Хархордин О. От засилья общественности к силе публичного действия // От общественного к публичному / под ред. О. Хархордина. СПб.: Издательство Европейского университета в Санкт-Петербурге, 2011. С. 487–529.

Таким образом, в исторической перспективе двухсот лет речь идет не столько об отсутствии или слабости, но скорее о многообразии, востребованности и неустойчивости институтов публичного обсуждения в России наряду с регулярными репрессиями и цензурой верховной власти, опасающейся конкуренции в символическом поле и способной подавить ее. При этом мы можем говорить о настойчивости в воссоздании этих форм как в масштабе официальной политической публичной сферы, так и в различных нишевых и локальных форматах. Циклическая смена нескольких узнаваемых фаз режимов публичности, возможно, приводит к долгосрочному и целенаправленному, хотя и очень неравномерному освоению различных форм публичных дебатов и делиберативных институтов.
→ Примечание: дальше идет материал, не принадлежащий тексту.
(* Let $(\mathcal{X},d)$ be a finite metric space, $P$ a probability distribution on $\mathcal{X}$, $k\ge1$ an integer, and $O\in\mathcal{X}_k$ an optimal $k$-RP solution. Then there exists a $k$-multiset $S$ that is returned with positive probability by the variance-reduced distribution $\widetilde{P}_k$ such that $\mathbb{E}_{X\sim P_k}[d_k(S,X)]\le 4\cdot \mathbb{E}_{X\sim P_k}[d_k(O,X)]$.
   Context: $\mathcal{X}_k$ is the set of multisets of exactly $k$ points of $\mathcal{X}$. For $U,V\in\mathcal{X}_k$, $d_k(U,V)$ is the minimum, over perfect matchings between the $k$ elements of $U$ and the $k$ elements of $V$ (with multiplicity), of the sum of the distances of matched pairs. $P_k$ is the distribution of the multiset of $k$ points drawn i.i.d. from $P$. The $k$-RP cost of $S$ is $\mathbb{E}_{X\sim P_k}[d_k(S,X)]$, and $O$ minimizes it. The distribution $\widetilde{P}_k$ on $\mathcal{X}_k$: for each $x\in\mathcal{X}$ the multiset contains $\lfloor P(x)k\rfloor$ copies of $x$; each of the remaining $r=k-\sum_{x}\lfloor P(x)k\rfloor$ points (if $r>0$) is chosen independently, equal to $x$ with probability $\frac{P(x)-\lfloor P(x)k\rfloor/k}{\sum_{y\in\mathcal{X}}(P(y)-\lfloor P(y)k\rfloor/k)}$. *)

From HB Require Import structures.
From mathcomp Require Import all_boot all_order all_algebra.
From mathcomp Require Import perm.
From mathcomp Require Import all_reals.
Set Implicit Arguments. Unset Strict Implicit. Unset Printing Implicit Defensive.
Import Order.TTheory GRing.Theory Num.Theory.
Local Open Scope ring_scope.

(* A k-multiset of points of T is represented by a k-tuple (an ordered listing
   of its elements with multiplicity); all quantities below are invariant under
   reordering of the tuple. *)

Definition is_metric (T : finType) (R : realType) (d : T -> T -> R) : Prop :=
  [/\ forall x y, 0 <= d x y,
      forall x y, d x y = 0 <-> x = y,
      forall x y, d x y = d y x &
      forall x y z, d x z <= d x y + d y z].

Definition is_distr (T : finType) (R : realType) (P : T -> R) : Prop :=
  (forall x, 0 <= P x) /\ \sum_(x : T) P x = 1.

(* The identity permutation's cost is used as the seed of
   the iterated min (it is itself one of the matchings). *)
Definition dk (T : finType) (R : realType) (d : T -> T -> R) (k : nat)
    (U V : k.-tuple T) : R :=
  \big[Order.min/(\sum_(i < k) d (tnth U i) (tnth V i))]_(s : 'S_k)
     \sum_(i < k) d (tnth U i) (tnth V (s i)).

Definition kRP_cost (T : finType) (R : realType) (d : T -> T -> R)
    (P : T -> R) (k : nat) (S : k.-tuple T) : R :=
  \sum_(X : k.-tuple T) (\prod_(i < k) P (tnth X i)) * dk d S X.

Definition fl (T : finType) (R : realType) (P : T -> R) (k : nat) (x : T) : nat :=
  Num.truncn (P x * k%:R).

(* deterministic part of the variance-reduced sample *)
Definition fixed_part (T : finType) (R : realType) (P : T -> R) (k : nat) : seq T :=
  flatten [seq nseq (fl P k x) x | x <- enum T].

Definition rem_count (T : finType) (R : realType) (P : T -> R) (k : nat) : nat :=
  (k - size (fixed_part P k))%N.

(* distribution of each of the r remaining points *)
Definition resid (T : finType) (R : realType) (P : T -> R) (k : nat) (x : T) : R :=
  P x - (fl P k x)%:R / k%:R.

Definition resid_prob (T : finType) (R : realType) (P : T -> R) (k : nat) (x : T) : R :=
  resid P k x / \sum_(y : T) resid P k y.

Definition Ptilde (T : finType) (R : realType) (P : T -> R) (k : nat)
    (S : k.-tuple T) : R :=
  \sum_(e : (rem_count P k).-tuple T)
     (\prod_(j < rem_count P k) resid_prob P k (tnth e j)) *
     (perm_eq (fixed_part P k ++ e) S)%:R.

(* For a sample X, let s_X be an optimal matching of O with X and let q(i, y)
   be the probability that s_X matches the i-th point of O to y.  Then q is a
   fractional assignment of the k points of O in which every point y receives
   mass P(y) k, and its cost sum q(i, y) d(O_i, y) is the k-RP cost of O.
   The assignments with row sums 1 and column sums between floor(P(y) k) and
   ceil(P(y) k) form an integral polytope: while some entry is fractional, the
   row constraints and the tight column constraints are fewer than the
   fractional entries, so one can move along a kernel direction, without
   increasing the cost, until an entry becomes integral or a column tight.
   The resulting integral assignment f has column counts between the floor and
   the ceiling, so f(O) is in the support of the variance-reduced distribution,
   and sum_i d(O_i, f(i)) <= cost(O).  By the triangle inequality
   cost(f(O)) <= sum_i d(O_i, f(i)) + cost(O) <= 2 cost(O). *)

From HB Require Import structures.
From mathcomp Require Import all_boot all_order all_algebra.
From mathcomp Require Import perm.
From mathcomp Require Import all_reals.
From mathcomp Require Import zify lra.
Set Implicit Arguments. Unset Strict Implicit. Unset Printing Implicit Defensive.
Import Order.TTheory GRing.Theory Num.Theory.
Local Open Scope ring_scope.

(** * Integrality of bounded bipartite assignments *)

Section UnderdeterminedSystem.
Variables (F : fieldType) (J K : finType).

Lemma underdetermined_nontrivial_solution (E : {set J}) (c : K -> J -> F) :
  (#|K| < #|E|)%N ->
  exists v : J -> F, [/\ exists j, v j != 0, forall j, j \notin E -> v j = 0 &
                        forall a, \sum_j c a j * v j = 0].
Proof.
move=> ltKE.
have [j0 j0E] : exists j0, j0 \in E.
  by apply/set0Pn; rewrite -card_gt0 (leq_ltn_trans _ ltKE).
pose A : 'M[F]_(#|E|, #|K|) := \matrix_(i, a) c (enum_val a) (enum_val i).
have /rowV0Pn[u] : kermx A != 0.
  by rewrite -mxrank_eq0 mxrank_ker subn_eq0 -ltnNge (leq_ltn_trans (rank_leq_col A)).
rewrite sub_kermx => /eqP uA /matrix0Pn[i0 [i u_i]].
pose v j := if j \in E then u 0 (enum_rank_in j0E j) else 0.
have sum_v G : \sum_j G j * v j = \sum_i u 0 i * G (enum_val i).
  rewrite (bigID (mem E)) /= [X in _ + X]big1 ?addr0 => [|j /negbTE jE]; last first.
    by rewrite /v jE mulr0.
  rewrite big_enum_val; apply: eq_bigr => i' _.
  by rewrite /v enum_valP enum_valK_in mulrC.
exists v; split.
- by exists (enum_val i); rewrite /v enum_valP enum_valK_in -(ord1 i0).
- by move=> j /negbTE jE; rewrite /v jE.
- move=> a; have := congr1 (fun M : 'rV_#|K| => M 0 (enum_rank a)) uA.
  rewrite sum_v !mxE; apply: eq_trans; apply: eq_bigr => i' _.
  by rewrite mxE enum_rankK.
Qed.

End UnderdeterminedSystem.

Section RealIntervals.
Variable R : realFieldType.

Definition max_step (l u a b : R) := if 0 < b then (u - a) / b else (a - l) / - b.

Lemma max_step_gt0 (l u a b : R) : l < a < u -> b != 0 -> 0 < max_step l u a b.
Proof.
case/andP=> la au b0; rewrite /max_step; case: ifP => [b_gt0|/negbT b_le0].
  by rewrite divr_gt0 // subr_gt0.
by rewrite divr_gt0 ?subr_gt0 // oppr_gt0 lt_neqAle b0 leNgt.
Qed.

Lemma le_max_step (l u a b t : R) : l <= a <= u -> 0 <= t <= max_step l u a b ->
  l <= a + t * b <= u.
Proof.
rewrite /max_step => /andP[la au] /andP[t0]; have [b_lt0|b_gt0|->] := ltgtP b 0.
- rewrite ler_pdivlMr ?oppr_gt0 // => tb.
  by apply/andP; split; nra.
- rewrite ler_pdivlMr // => tb.
  by apply/andP; split; nra.
- by rewrite mulr0 addr0 la au.
Qed.

Lemma max_step_boundary (l u a b : R) : b != 0 -> ~~ (l < a + max_step l u a b * b < u).
Proof.
move=> b0; rewrite /max_step; case: ifP => _.
  by rewrite divfK // addrC subrK ltxx andbF.
by rewrite invrN mulrN mulNr divfK // opprB addrC subrK ltxx.
Qed.

Lemma unit_itv_nfrac (x : R) : 0 <= x <= 1 -> ~~ (0 < x < 1) -> x = (x == 1)%:R.
Proof.
case/andP=> x0 x1; rewrite negb_and -!leNgt; have [//|x_neq1] := eqVneq x 1.
case/orP=> [x_le0|x_ge1]; first exact/le_anti/andP.
by case/eqP: x_neq1; apply/le_anti/andP.
Qed.

Lemma fractional_partner (J : finType) (g : J -> R) (n : nat) j0 :
  (forall j, 0 <= g j <= 1) -> \sum_j g j = n%:R -> 0 < g j0 < 1 ->
  exists2 j, j != j0 & 0 < g j < 1.
Proof.
move=> g01 gn gj0; apply/exists_inP; apply: contraLR gj0 => /exists_inPn others.
pose m := (\sum_(j | j != j0) (g j == 1%R))%N.
have gj0E : g j0 = n%:R - m%:R.
  suff others_m : \sum_(j | j != j0) g j = m%:R.
    by rewrite -gn (bigD1 j0) //= others_m addrK.
  by rewrite natr_sum; apply: eq_bigr => j j_neq; apply/unit_itv_nfrac/others.
have [le_nm|lt_mn] := leqP n m.
  by rewrite gj0E subr_gt0 ltr_nat ltnNge le_nm.
by rewrite gj0E -natrB 1?ltnW // ltr0n -[1]/(1%:R) ltr_nat; lia.
Qed.

End RealIntervals.

Lemma sum_delta (R : pzSemiRingType) (T : finType) (a : T) (g : T -> R) :
  \sum_y (a == y)%:R * g y = g a.
Proof.
rewrite (bigD1 a) //= eqxx mul1r big1 ?addr0 // => y y_neq.
by rewrite eq_sym (negbTE y_neq) mul0r.
Qed.

Section IntegralRounding.
Variables (R : realFieldType) (I T : finType) (w : I -> T -> R) (lo hi : T -> nat).
Implicit Types (q : I -> T -> R) (v : I * T -> R).

Definition colsum q y := \sum_i q i y.

Definition feasible q := [/\ forall i y, 0 <= q i y, forall i, \sum_y q i y = 1 &
  forall y, (lo y)%:R <= colsum q y <= (hi y)%:R].

Definition fractional q (e : I * T) := 0 < q e.1 e.2 < 1.

Definition slack q y := (lo y)%:R < colsum q y < (hi y)%:R.

Definition nonintegrality q :=
  (#|[set e | fractional q e]| + #|[set y | slack q y]|)%N.

Definition assign_cost q := \sum_i \sum_y q i y * w i y.

Definition load (f : I -> T) y := (\sum_i (f i == y))%N.

Lemma feasible_unit_itv q i y : feasible q -> 0 <= q i y <= 1.
Proof.
case=> q_ge0 q_row _; rewrite q_ge0 -(q_row i) (bigD1 y) //= lerDl.
exact: sumr_ge0.
Qed.

Lemma integral_feasible q : feasible q -> (forall e, ~~ fractional q e) ->
  exists f : I -> T,
    (forall y, lo y <= load f y <= hi y)%N /\ \sum_i w i (f i) = assign_cost q.
Proof.
move=> Fq nfrac; have [q_ge0 q_row q_col] := Fq.
have q_bool i y : q i y = (q i y == 1)%:R.
  exact: unit_itv_nfrac (feasible_unit_itv i y Fq) (nfrac (i, y)).
have q_one i : exists y, q i y == 1.
  apply/existsP; apply: contraT => /existsPn q_neq1; move: (q_row i).
  rewrite big1 => [/eqP|y _]; first by rewrite eq_sym oner_eq0.
  by rewrite q_bool (negbTE (q_neq1 y)).
pose f i := xchoose (q_one i).
have qE i y : q i y = (f i == y)%:R.
  have q_fi : q i (f i) = 1 by apply/eqP/(xchooseP (q_one i)).
  have [<-|y_neq] := eqVneq (f i) y; first by rewrite q_fi.
  have : \sum_(z | z != f i) q i z = 0.
    apply: (@addrI _ 1).
    by rewrite addr0 -[in RHS](q_row i) [RHS](bigD1 (f i)) //= q_fi.
  by move/psumr_eq0P => -> //; rewrite eq_sym.
exists f; split => [y|].
  have := q_col y; rewrite /colsum (eq_bigr _ (fun i _ => qE i y)) -natr_sum.
  by rewrite !ler_nat.
by apply: eq_bigr => i _; under eq_bigr do rewrite qE; rewrite sum_delta.
Qed.

Definition direction q v := [/\ forall e, ~~ fractional q e -> v e = 0,
  forall i, \sum_y v (i, y) = 0 & forall y, ~~ slack q y -> \sum_i v (i, y) = 0].

Lemma directionN q v : direction q v -> direction q (fun e => - v e).
Proof.
case=> v_supp v_row v_col; split=> [e /v_supp->|i|y /v_col]; rewrite ?oppr0 //.
  by rewrite sumrN v_row oppr0.
by rewrite sumrN => ->; rewrite oppr0.
Qed.

Lemma card_fractional_by_rows q :
  #|[set e | fractional q e]| = (\sum_i #|[set y | fractional q (i, y)]|)%N.
Proof.
under [RHS]eq_bigr do rewrite -sum1_card big_mkcond.
by rewrite pair_bigA -sum1_card big_mkcond; apply: eq_bigr => -[i y] _; rewrite !inE.
Qed.

Lemma card_fractional_by_cols q :
  #|[set e | fractional q e]| = (\sum_y #|[set i | fractional q (i, y)]|)%N.
Proof.
rewrite card_fractional_by_rows.
under eq_bigr do rewrite -sum1_card big_mkcond.
rewrite exchange_big; apply: eq_bigr => y _.
rewrite -sum1_card [RHS]big_mkcond; apply: eq_bigr => i _.
by rewrite !inE.
Qed.

Lemma fractional_row_card q i y : feasible q -> fractional q (i, y) ->
  (1 < #|[set y | fractional q (i, y)]|)%N.
Proof.
move=> Fq frac_iy; have [_ q_row _] := Fq.
have [y' y'_neq frac_iy'] :=
  fractional_partner (n := 1) (fun y => feasible_unit_itv i y Fq) (q_row i) frac_iy.
by apply/card_gt1P; exists y', y; rewrite !inE.
Qed.

Lemma fractional_col_card q i y : feasible q -> ~~ slack q y -> fractional q (i, y) ->
  (1 < #|[set i | fractional q (i, y)]|)%N.
Proof.
move=> Fq tight frac_iy; have [_ _ q_col] := Fq.
have [n col_n] : exists n, colsum q y = n%:R.
  move: tight (q_col y); rewrite /slack negb_and -!leNgt.
  by case/orP=> [col_le|col_ge] /andP[lo_le le_hi]; [exists (lo y)|exists (hi y)];
    apply/le_anti/andP.
have [i' i'_neq frac_i'y] :=
  fractional_partner (fun i => feasible_unit_itv i y Fq) col_n frac_iy.
by apply/card_gt1P; exists i', i; rewrite !inE.
Qed.

Lemma sum_row_indicator v i : \sum_e (e.1 == i)%:R * v e = \sum_y v (i, y).
Proof.
rewrite (eq_bigr (fun e => (e.1 == i)%:R * v (e.1, e.2))) => [|[] //].
rewrite -(pair_bigA _ (fun i' y => (i' == i)%:R * v (i', y))).
rewrite (bigD1 i) //= [X in _ + X]big1.
  by rewrite addr0; under eq_bigr do rewrite eqxx mul1r.
by move=> i' /negbTE i'_neq; rewrite big1 // => y _; rewrite i'_neq mul0r.
Qed.

Lemma sum_col_indicator v y : \sum_e (e.2 == y)%:R * v e = \sum_i v (i, y).
Proof.
rewrite (eq_bigr (fun e => (e.2 == y)%:R * v (e.1, e.2))) => [|[] //].
rewrite -(pair_bigA _ (fun i y' => (y' == y)%:R * v (i, y'))) exchange_big.
rewrite (bigD1 y) //= [X in _ + X]big1.
  by rewrite addr0; under eq_bigr do rewrite eqxx mul1r.
by move=> y' /negbTE y'_neq; rewrite big1 // => i _; rewrite y'_neq mul0r.
Qed.

Definition frac_rows q := [set i | [exists y, fractional q (i, y)]].
Definition frac_cols q := [set y | [exists i, fractional q (i, y)]].

Lemma card_constraints_lt q y0 : feasible q -> y0 \in frac_cols q ->
  (#|frac_rows q| + #|[set y in frac_cols q | ~~ slack q y] :\ y0|
     < #|[set e | fractional q e]|)%N.
Proof.
move=> Fq frac_y0; set Cols := _ :\ y0.
have card_rows : (2 * #|frac_rows q| <= #|[set e | fractional q e]|)%N.
  rewrite mulnC -sum_nat_const big_mkcond card_fractional_by_rows /=.
  apply: leq_sum => i _; rewrite inE; case: existsP => // -[y frac_iy].
  exact: fractional_row_card Fq frac_iy.
have card_cols : (2 * #|Cols| < #|[set e | fractional q e]|)%N.
  have y0_Cols : y0 \notin Cols by rewrite !inE eqxx.
  rewrite card_fractional_by_cols [X in (_ < X)%N](bigID (mem (y0 |: Cols))) /=.
  apply: leq_trans (leq_addr _ _); rewrite big_setU1 //= addnC -addn1.
  rewrite mulnC -sum_nat_const; apply: leq_add.
    apply: leq_sum => y; rewrite !inE.
    case/and3P=> _ /existsP[i frac_iy] tight.
    exact: fractional_col_card Fq tight frac_iy.
  rewrite card_gt0; apply/set0Pn.
  by move: frac_y0; rewrite inE => /existsP[i frac_iy0]; exists i; rewrite inE.
by move: card_rows card_cols; lia.
Qed.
Выходя за дисциплинарную ограду историографии, мы постарались сформулировать три разных (но не взаимоисключающих) вывода о возможной нормативной интерпретации опыта публичности в России в Новое и Новейшее время, которые можно с разной степенью убедительности сделать в зависимости от исходной идеологической позиции:

а) важно изучать, создавать условия, практиковать и культивировать более продуктивные и устойчивые формы рациональных публичных дебатов и связанных с ними институтов – по причине их относительной слабости (рефлексия фазы «публичной немоты»);

б) следует с критическим вниманием относиться к расширению сферы публичных дебатов и критики из-за риска распада социальных и политических институтов (критическая рефлексия фазы «бурных дебатов» в 1917 или 1991 году) [91] ;

в) необходимо противодействовать репрессиям, ослабляющим институционализацию публичных дебатов (рефлексия фазы «репрессий»), и желательно широко внедрять делиберативные институты (нерефлексивное восприятие фазы «бурных дебатов»).

91

Здесь важно всерьез отнестись к беспокойству по поводу того, что предыдущие несколько попыток использовать делиберативные институты для выработки политических решений в рамках парламентских форм окончились неудачей (в целом неудачные попытки Екатерины II организовать местное самоуправление и Уложенную комиссию, роспуски первых Дум в Российской империи, разгон Учредительного собрания, распад СССР после создания Съезда народных депутатов, противостояние Верховного Совета и президентской ветви власти в 1991–1993 годах и т. д.). Парламентские формы достаточно быстро приводили к сильному напряжению и даже противостоянию с другими ветвями власти и в конечном счете к воссозданию неделиберативных механизмов принятия решений. Как следствие происходило и сворачивание механизмов общественной дискуссии, способной влиять – в том числе (хотя и не исключительно) в силу практической невозможности согласовывать слишком разные интересы и представления. Вопреки своей репутации «философа консенсуса», Хабермас собственно и писал о негарантированности благополучного исхода интеграции конкурирующих позиций через делиберацию (см. сноску выше). К этой неопределенности ранний Хабермас добавляет одно пессимистическое указание на неблагоприятные социальные условия позднего капитализма и одно ободряющее указание на встроенное в европейскую политико-правовую традицию ожидание участия и согласия по принимаемым официально решениям, без удовлетворения которого порядок будет в конечном счете нелегитимным. Зрелый Хабермас в этой связи демонстрирует, что тонкая, но вполне ощутимая субстанция коммуникативной власти укоренена в антропологической природе человеческого языка и общения. Эта горизонтальная власть естественно возникает в ходе свободного общения между людьми.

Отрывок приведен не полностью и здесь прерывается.